EFFECT: maximal usage of all installed membrane modules.

10 cl, 4 dwg, 4 tbl, 3 ex

Description

The invention relates to the field of power engineering and can be used in water treatment systems for producing demineralized water from natural waters.

Currently, a number of TPPs and industrial enterprises use water desalination systems for desalination of water with sequentially included pretreatment unit (UPR) and reverse osmosis unit (UOE) on membrane elements. At the same time, the norms of designing water supply systems [1] provide for the mandatory reservation of water purification equipment to ensure maximum design capacity of the system when a part of the equipment is taken out for repair.

Known is taken as a prototype of the invention, the system of desalination of natural waters, containing UPR and DOE on membrane elements with at least one stage of desalination, and each stage includes at least one working collector of purified water, permeate and concentrate connected in parallel through cutoff valves and at least one redundant module [2].

The disadvantages of the prototype include the inefficient use of backup equipment (membrane modules), included in the work, mainly during periods of short-term failure of the main equipment. The disadvantages of the prototype are also the inefficient use of not only reserve, but also working membrane modules, since if it is necessary to reduce system performance, some of the working modules are additionally put into reserve, and the inability to control the quality of demineralized water when changing the composition of the source water. Another disadvantage of the prototype is the need for periodic inclusion in the operation of redundant modules (regardless of the presence of a greater or lesser need for demineralized water) due to the inadmissibility of their long downtime.

Achievable results of the invention are: maximum beneficial use of all installed membrane modules, including redundant; improving the quality of demineralized water, including hardness; reduction in the volume of spent concentrate UOO; the possibility of generating additional amounts of demineralized water; reduction of reagent costs (acid, alkali or NaCl) for permeate treatment in the presence of an additional H-OH-ionization or Na-cation after UO.

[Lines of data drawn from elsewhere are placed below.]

(* Let $H_1\in\mathbb{F}_2^{r_1\times n_1}$ and $H_2\in\mathbb{F}_2^{r_2\times n_2}$ be arbitrary binary matrices (rows may be linearly dependent), and let $\mathcal{Q}$ be the hypergraph product code of $H_1$ and $H_2$ on $n=n_1n_2+r_1r_2$ qubits, with $X$-check matrix $H_X=\big(H_1\otimes I_{n_2}\ \big|\ I_{r_1}\otimes H_2^T\big)$ and $Z$-check matrix $H_Z=\big(I_{n_1}\otimes H_2\ \big|\ H_1^T\otimes I_{r_2}\big)$. Let $d$ be the distance of $\mathcal{Q}$. Suppose every row of $H_Z$ and of $H_X$ is measured with its own ancilla qubit by a sequence of two-qubit gates applied in an arbitrary order to the qubits in its support. Then, for every choice of these orders, the effective distance of $\mathcal{Q}$ is also $d$.
   Context: Vectors in $\mathbb{F}_2^{n}$ are indexed so that the first $n_1n_2$ coordinates correspond to ''bit-type'' qubits (indexed by pairs of a column of $H_1$ and a column of $H_2$) and the last $r_1r_2$ to ''check-type'' qubits (indexed by pairs of a row of $H_1$ and a row of $H_2$). Each row of $H_X$ (resp. $H_Z$) defines an $X$-type (resp. $Z$-type) stabilizer generator acting as $X$ (resp. $Z$) on the qubits where the row is $1$; these commute since $H_XH_Z^T=0$. The distance $d$ is the minimum Hamming weight of a vector in $\big(\ker H_X\setminus \mathrm{Im}\,H_Z^T\big)\cup\big(\ker H_Z\setminus \mathrm{Im}\,H_X^T\big)$ (i.e. of a nontrivial logical $Z$ or $X$ operator), with $d=\infty$ if this set is empty. Fault model: a fault is either (i) a single-qubit Pauli error on a data qubit, or (ii) an error on the ancilla during the measurement of one stabilizer generator, which propagates to the data qubits: an ancilla error during the measurement of a $Z$-type (resp. $X$-type) generator with support $S$ produces a $Z$ (resp. $X$) error on a subset of $S$ (the possible subsets depend on the gate order; the analysis allows any subset of $S$). A $Y$ error on an ancilla propagates as either an $X$- or a $Z$-type error, so it is covered by (ii). The resulting data-qubit error is the product of the errors produced by all faults. The effective distance (for the given code and measurement circuits) is the minimum number of faults whose resulting data-qubit error is an undetectable logical error, i.e. its $X$-part lies in $\ker H_Z\setminus\mathrm{Im}\,H_X^T$ or its $Z$-part lies in $\ker H_X\setminus\mathrm{Im}\,H_Z^T$, while it commutes with all stabilizers. *)

From mathcomp Require Import all_boot all_algebra.
Set Implicit Arguments. Unset Strict Implicit. Unset Printing Implicit Defensive.
Import GRing.Theory.
Local Open Scope ring_scope.

(* Qubits of the hypergraph product code: "bit-type" qubits indexed by a pair
   (column of H1, column of H2), then "check-type" qubits indexed by a pair
   (row of H1, row of H2).  n = n1*n2 + r1*r2. *)
Definition hqubit (r1 n1 r2 n2 : nat) : finType :=
  (('I_n1 * 'I_n2) + ('I_r1 * 'I_r2))%type.

(* X checks: rows of H_X = (H1 (x) I_n2 | I_r1 (x) H2^T), indexed by ('I_r1 * 'I_n2). *)
Definition hxgen (r1 n1 r2 n2 : nat) : finType := ('I_r1 * 'I_n2)%type.
(* Z checks: rows of H_Z = (I_n1 (x) H2 | H1^T (x) I_r2), indexed by ('I_n1 * 'I_r2). *)
Definition hzgen (r1 n1 r2 n2 : nat) : finType := ('I_n1 * 'I_r2)%type.

Definition HX r1 n1 r2 n2 (H1 : 'M['F_2]_(r1, n1)) (H2 : 'M['F_2]_(r2, n2))
  (c : hxgen r1 n1 r2 n2) (q : hqubit r1 n1 r2 n2) : 'F_2 :=
  match q with
  | inl (a, b) => H1 c.1 a * (c.2 == b)%:R
  | inr (a, b) => (c.1 == a)%:R * H2 b c.2
  end.

Definition HZ r1 n1 r2 n2 (H1 : 'M['F_2]_(r1, n1)) (H2 : 'M['F_2]_(r2, n2))
  (c : hzgen r1 n1 r2 n2) (q : hqubit r1 n1 r2 n2) : 'F_2 :=
  match q with
  | inl (a, b) => (c.1 == a)%:R * H2 c.2 b
  | inr (a, b) => H1 a c.1 * (c.2 == b)%:R
  end.

Definition in_ker (C Q : finType) (H : C -> Q -> 'F_2) (v : {ffun Q -> 'F_2}) : Prop :=
  forall c, \sum_q H c q * v q = 0.

Definition in_imT (C Q : finType) (H : C -> Q -> 'F_2) (v : {ffun Q -> 'F_2}) : Prop :=
  exists u : {ffun C -> 'F_2}, forall q, v q = \sum_c u c * H c q.

Definition weight (Q : finType) (v : {ffun Q -> 'F_2}) : nat := #|[set q | v q != 0]|.

Definition nontrivial_logical (CX CZ Q : finType)
  (hx : CX -> Q -> 'F_2) (hz : CZ -> Q -> 'F_2) (v : {ffun Q -> 'F_2}) : Prop :=
  (in_ker hx v /\ ~ in_imT hz v) \/ (in_ker hz v /\ ~ in_imT hx v).

(* "d is the minimum of the nat-set P", with d = None meaning infinity (P empty). *)
Definition is_min_nat (P : nat -> Prop) (d : option nat) : Prop :=
  match d with
  | Some m => P m /\ (forall k, P k -> (m <= k)%N)
  | None => forall k, ~ P k
  end.

Definition code_distance (CX CZ Q : finType)
  (hx : CX -> Q -> 'F_2) (hz : CZ -> Q -> 'F_2) (d : option nat) : Prop :=
  is_min_nat (fun k => exists v, nontrivial_logical hx hz v /\ weight v = k) d.

(* Faults (single fault locations):
   DataX/DataY/DataZ q : a single-qubit Pauli X / Y / Z error on data qubit q;
   AncX g T : an ancilla error during the measurement of X-type generator g,
              propagating to an X error on the data qubits of T;
   AncZ g T : same for Z-type generator g, propagating to a Z error on T. *)
Inductive fault (CX CZ Q : finType) :=
  | DataX of Q | DataY of Q | DataZ of Q
  | AncX of CX & {set Q}
  | AncZ of CZ & {set Q}.

Definition indic (Q : finType) (T : {set Q}) : {ffun Q -> 'F_2} :=
  [ffun q => (q \in T)%:R].

Definition fault_error (CX CZ Q : finType) (f : fault CX CZ Q)
  : {ffun Q -> 'F_2} * {ffun Q -> 'F_2} :=
  match f with
  | DataX q => (indic [set q], 0)
  | DataY q => (indic [set q], indic [set q])
  | DataZ q => (0, indic [set q])
  | AncX _ T => (indic T, 0)
  | AncZ _ T => (0, indic T)
  end.

(* Total error: product of the Paulis = sum of the binary vectors. *)
Definition total_error (CX CZ Q : finType) (fs : seq (fault CX CZ Q))
  : {ffun Q -> 'F_2} * {ffun Q -> 'F_2} :=
  ((\sum_(f <- fs) (fault_error f).1), (\sum_(f <- fs) (fault_error f).2)).

(* Measurement circuit of a generator: the order in which its two-qubit gates
   (one per support qubit, with its own ancilla) touch the qubits of its
   support.  Following the fault model of the paper, an ancilla fault during
   the measurement of generator c with support S may propagate to an error on
   ANY subset of S (the subsets actually reachable for a given gate order are
   among these; the analysis allows any subset). *)
Definition valid_order (C Q : finType) (H : C -> Q -> 'F_2) (ord : C -> seq Q) : Prop :=
  forall c, uniq (ord c) /\ (forall q, (q \in ord c) = (H c q != 0)).

Definition hook_set (C Q : finType) (ord : C -> seq Q) (c : C) (T : {set Q}) : Prop :=
  forall q, q \in T -> q \in ord c.

Definition admissible_fault (CX CZ Q : finType)
  (ordX : CX -> seq Q) (ordZ : CZ -> seq Q) (f : fault CX CZ Q) : Prop :=
  match f with
  | AncX g T => hook_set ordX g T
  | AncZ g T => hook_set ordZ g T
  | _ => True
  end.

Fixpoint all_admissible (CX CZ Q : finType)
  (ordX : CX -> seq Q) (ordZ : CZ -> seq Q) (fs : seq (fault CX CZ Q)) : Prop :=
  match fs with
  | [::] => True
  | f :: fs' => admissible_fault ordX ordZ f /\ all_admissible ordX ordZ fs'
  end.

Definition undetectable_logical (CX CZ Q : finType)
  (hx : CX -> Q -> 'F_2) (hz : CZ -> Q -> 'F_2)
  (e : {ffun Q -> 'F_2} * {ffun Q -> 'F_2}) : Prop :=
  in_ker hz e.1 /\ in_ker hx e.2 /\ (~ in_imT hx e.1 \/ ~ in_imT hz e.2).

Definition effective_distance (CX CZ Q : finType)
  (hx : CX -> Q -> 'F_2) (hz : CZ -> Q -> 'F_2)
  (ordX : CX -> seq Q) (ordZ : CZ -> seq Q) (d : option nat) : Prop :=
  is_min_nat (fun k => exists fs : seq (fault CX CZ Q),
                 size fs = k /\ all_admissible ordX ordZ fs /\
                 undetectable_logical hx hz (total_error fs)) d.

(* A Z error e with H_X e = 0 has a bit part E_b (n1 x n2) and a check part E_c
   (r1 x r2) with H1 E_b = E_c H2.  Exactness of the hypergraph-product complex
   says that e is a Z stabilizer unless E_b y <> 0 for some y in ker H2, or
   z E_c <> 0 for some z in the left kernel of H1.  In the first case
   x = E_b y lies in ker H1, and x (x) e_b is a Z logical (it meets the X logical
   e_a (x) y oddly) of weight |x|, which is at most the number of nonzero rows of
   E_b; the second case is the same on check qubits with columns of E_c.  A Z
   check meets the bit qubits in a single row and the check qubits in a single
   column, so each fault -- a one-qubit error or a hook error inside one check --
   touches at most one such row or column: a logical error made of k faults
   yields a nontrivial logical of weight at most k.  X errors are symmetric, and
   conversely a logical of weight w is produced by w data-qubit faults. *)

From mathcomp Require Import all_boot all_algebra.
Set Implicit Arguments. Unset Strict Implicit. Unset Printing Implicit Defensive.
Import GRing.Theory.
Local Open Scope ring_scope.

Lemma sum_single (V : nmodType) (I : finType) (i0 : I) (F : I -> V) :
  (forall i, i != i0 -> F i = 0) -> \sum_i F i = F i0.
Proof. by move=> F0; rewrite (bigD1 i0) //= big1 ?addr0. Qed.
Arguments sum_single {V I} i0 {F}.

Lemma sum_pair (V : nmodType) (I J : finType) (F : I * J -> V) :
  \sum_p F p = \sum_i \sum_j F (i, j).
Proof. by rewrite pair_bigA; apply: eq_bigr => -[]. Qed.

Lemma F2_natr_neq0 (b : bool) : (b%:R != 0 :> 'F_2) = b.
Proof. by case: b. Qed.

Lemma F2_neq0_eq1 (x : 'F_2) : x != 0 -> x = 1.
Proof. by case: x => [[|[|n]] lt_n2] //= _; apply: val_inj. Qed.

Lemma F2_addr_eq0 (x y : 'F_2) : (x + y == 0) = (x == y).
Proof. by rewrite addr_eq0 oppr_pchar2 // pchar_Fp. Qed.

Lemma is_min_nat_transfer (P P' : nat -> Prop) (d : option nat) :
  (forall k, P k -> exists2 k', P' k' & (k' <= k)%N) ->
  (forall k, P' k -> P k) ->
  is_min_nat P' d -> is_min_nat P d.
Proof.
move=> down up; case: d => [m [P'm minm] | noP'] /=.
  by split=> [|k /down[k' /minm]]; [exact: up | exact: leq_trans].
by move=> k /down[k' /noP'].
Qed.

Section KernelDuality.
Variable F : fieldType.

Lemma submx_of_ker_sub r m n (A : 'M[F]_(r, n)) (B : 'M[F]_(m, n)) :
  (forall y : 'cV_n, A *m y = 0 -> B *m y = 0) -> (B <= A)%MS.
Proof.
move=> kerAB; rewrite submxE; apply/eqP/matrixP => i j.
have := kerAB (cokermx A *m delta_mx j 0).
rewrite mulmxA mulmx_coker mul0mx mulmxA -colE => /(_ erefl) /matrixP/(_ i 0).
by rewrite !mxE.
Qed.

Lemma hp_cycle_boundary r1 n1 r2 n2 (H1 : 'M[F]_(r1, n1)) (H2 : 'M[F]_(r2, n2))
    (Eb : 'M[F]_(n1, n2)) (Ec : 'M[F]_(r1, r2)) :
  H1 *m Eb = Ec *m H2 ->
  (forall y : 'cV_n2, H2 *m y = 0 -> Eb *m y = 0) ->
  (forall z : 'rV_r1, z *m H1 = 0 -> z *m Ec = 0) ->
  exists A : 'M_(n1, r2), Eb = A *m H2 /\ Ec = H1 *m A.
Proof.
move=> cycle kerEb cokerEc.
have /submxP [A0 EA0] := submx_of_ker_sub kerEb.
have /submxP [C EC] : (Ec^T <= H1^T)%MS.
  apply: submx_of_ker_sub => y /(congr1 trmx).
  rewrite trmx_mul trmxK trmx0 => /cokerEc /(congr1 trmx).
  by rewrite trmx_mul trmxK trmx0.
have {}EC : Ec = H1 *m C^T by rewrite -[Ec]trmxK EC trmx_mul trmxK.
set M := C^T - A0.
have HMH : H1 *m M *m H2 = 0.
  by rewrite mulmxBr mulmxBl -EC -mulmxA -EA0 cycle subrr.
(* Project the columns of M onto ker H1; this does not change M *m H2, whose
   columns already lie in ker H1. *)
have [T TH2 H1T] : exists2 T : 'M_(n1, r2), T *m H2 = M *m H2 & H1 *m T = 0.
  have HMK : (H2^T *m M^T <= kermx H1^T)%MS.
    by apply/sub_kermxP; rewrite -!trmx_mul mulmxA HMH trmx0.
  exists (M^T *m pinvmx (kermx H1^T) *m kermx H1^T)^T.
    apply: trmx_inj; rewrite [LHS]trmx_mul [RHS]trmx_mul trmxK.
    by rewrite (mulmxA H2^T) (mulmxA H2^T) mulmxKpV.
  apply: trmx_inj; rewrite [LHS]trmx_mul trmxK.
  by rewrite -(mulmxA _ (kermx _)) mulmx_ker mulmx0 trmx0.
exists (A0 + M - T); split.
  by rewrite mulmxBl mulmxDl -EA0 TH2 addrK.
by rewrite mulmxBr mulmxDr H1T subr0 mulmxBr addrC subrK.
Qed.

End KernelDuality.

Section NonzeroRows.
Variable R : nzRingType.

Definition nzrows m n (A : 'M[R]_(m, n)) : {set 'I_m} := [set i | row i A != 0].

Lemma nzrowsD m n (A B : 'M[R]_(m, n)) :
  nzrows (A + B) \subset nzrows A :|: nzrows B.
Proof.
apply/subsetP => i; rewrite !inE linearD /=.
by apply: contraR; rewrite negb_or !negbK => /andP[/eqP-> /eqP->]; rewrite addr0.
Qed.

These results are ensured by the fact that in a natural water desalination system containing UPR and UO on membrane elements with at least one desalination step, each step comprising at least one purified water, permeate and concentrate collectors connected in parallel through cutoff valves working and at least one redundant modules, according to the invention, at least at the output stage of the UOO, permeate or concentrate collectors in the connection section of the working modules enes via a further shut-off valve in series with the input of at least one backup module of the same stage.

In another embodiment, a natural water desalination system comprising UPR and UO on membrane elements with at least one desalination step, each step comprising at least one working and at least one working and at least one working and at least one collector of purified water, permeate and concentrate at least two redundant modules, according to the invention, at least at the output stage of the UOO, the permeate and / or concentrate collectors in the connection section of the working modules are connected through an additional tsechnuyu armature series with the input of at least one backup module of the same stage.

Moreover, in both versions, each working module of at least the OOE output stage can be additionally connected through shut-off valves in series with each of the other working and reserve modules of the same stage along the permeate or along the concentrate; between the concentrate collector of the output stage of the DOE and the backup modules, an intermediate tank and a filter unit for purifying the concentrate of metal oxides and / or organic compounds can be sequentially connected; between the concentrate collector of the output stage of the DOE and the backup modules, a dosing unit for the reagent - scale inhibitor can be switched on.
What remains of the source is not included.